Just like fish at the dark depths of the ocean adapt by growing transparent bodies and heads with no eyes due to the absence of sunlight… perhaps these bar flies have also adapted to the dark pub environment as they rarely glimpse the bright outside world.
I think I often walk into bars almost out of habit. Their dark, moody interiors, sports on oversized screens and refreshing drinks seduce me and draw me in. This appeal is because, when you travel a lot, bars become a large part of your life. One of my favourite things to do is sit it a foreign bar in a strange country, drink and people watch.
It’s funny how, when we travel, all rules about drinking go out the window, and this starts at the airport. No matter what time your flight is, suddenly it’s perfectly ok to wash down your ham and cheese croissant with a cold pint at 8am.

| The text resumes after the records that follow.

Lemma sum_cond (A : {set T}) : 0 < mass A -> \sum_x cond A x = 1.
Proof.
move=> massA; rewrite -mulr_suml [X in X / _](_ : _ = mass A) ?divff ?gt_eqF //.
rewrite /mass [RHS]big_mkcond; apply: eq_bigr => x _.
by case: (x \in A); rewrite ?mul1r ?mul0r.
Qed.

Lemma cond_out (A : {set T}) x : x \notin A -> cond A x = 0.
Proof. by move/negbTE=> xA; rewrite /cond xA !mul0r. Qed.

Lemma cond_neq0 (A : {set T}) x : cond A x != 0 -> x \in A /\ mu x != 0.
Proof.
rewrite /cond; case: (x \in A); last by rewrite !mul0r eqxx.
by rewrite mul1r mulf_eq0 negb_or => /andP[].
Qed.

Lemma cond_mix (A : {set T}) x : 0 < mass A -> 0 < mass (~: A) ->
  mu x = mass A * cond A x + mass (~: A) * cond (~: A) x.
Proof.
move=> massA massAC; rewrite /cond ![mass _ * _]mulrC !divfK ?gt_eqF //.
by rewrite inE; case: (x \in A); rewrite /= ?mul1r ?mul0r ?addr0 ?add0r.
Qed.

Lemma supp_cond_proper (A : {set T}) : 0 < mass (~: A) ->
  [set x | cond A x != 0] \proper [set x | mu x != 0].
Proof.
move=> massAC; apply/properP; split.
  by apply/subsetP => x; rewrite !inE => /cond_neq0[].
have [x xAC mux] : exists2 x, x \in ~: A & mu x != 0.
  apply/exists_inP; apply: contraTT massAC => /exists_inPn mu0.
  by rewrite -leNgt /mass big1 // => x /mu0 /negPn /eqP.
by exists x; rewrite !inE ?mux // negbK cond_out -?in_setC.
Qed.

End Conditioning.

Section GameValue.
Variables (k : nat) (R : realType).
Implicit Types (G : game k R) (n : nat).

Lemma win_prob_le_val G (s : game_strategy G) : win_prob s <= game_val G.
Proof. by rewrite /game_val (bigD1 s) //= le_max lexx. Qed.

I used to travel so regularly in and out of Sydney that the airport bar staff knew me well, and a glass of Stella with a croissant was my ‘usual’.
But… when I do this in my own country it just seems a bit sad. Why, when travelling, does having a drink in a bar alone feel like such an intriguing, creative experience yet when we do the same outside of travel, we feel odd and as if we’ve suddenly become one with the seedy bar flies?
I enjoy writing in bars. Clicking away at a laptop, pausing for a sip of cold frothy beer and allowing a slight drink-induced haze to cure my writer’s block. Yet, if I’m not travelling, and just at a local home-town pub, the whole process loses its mystique.
If you’re someone where alcohol and creativity seem to go hand-in-hand, you get to a point where you need to either:
- Continuously travel, which would make it always socially acceptable to drink alone during the day.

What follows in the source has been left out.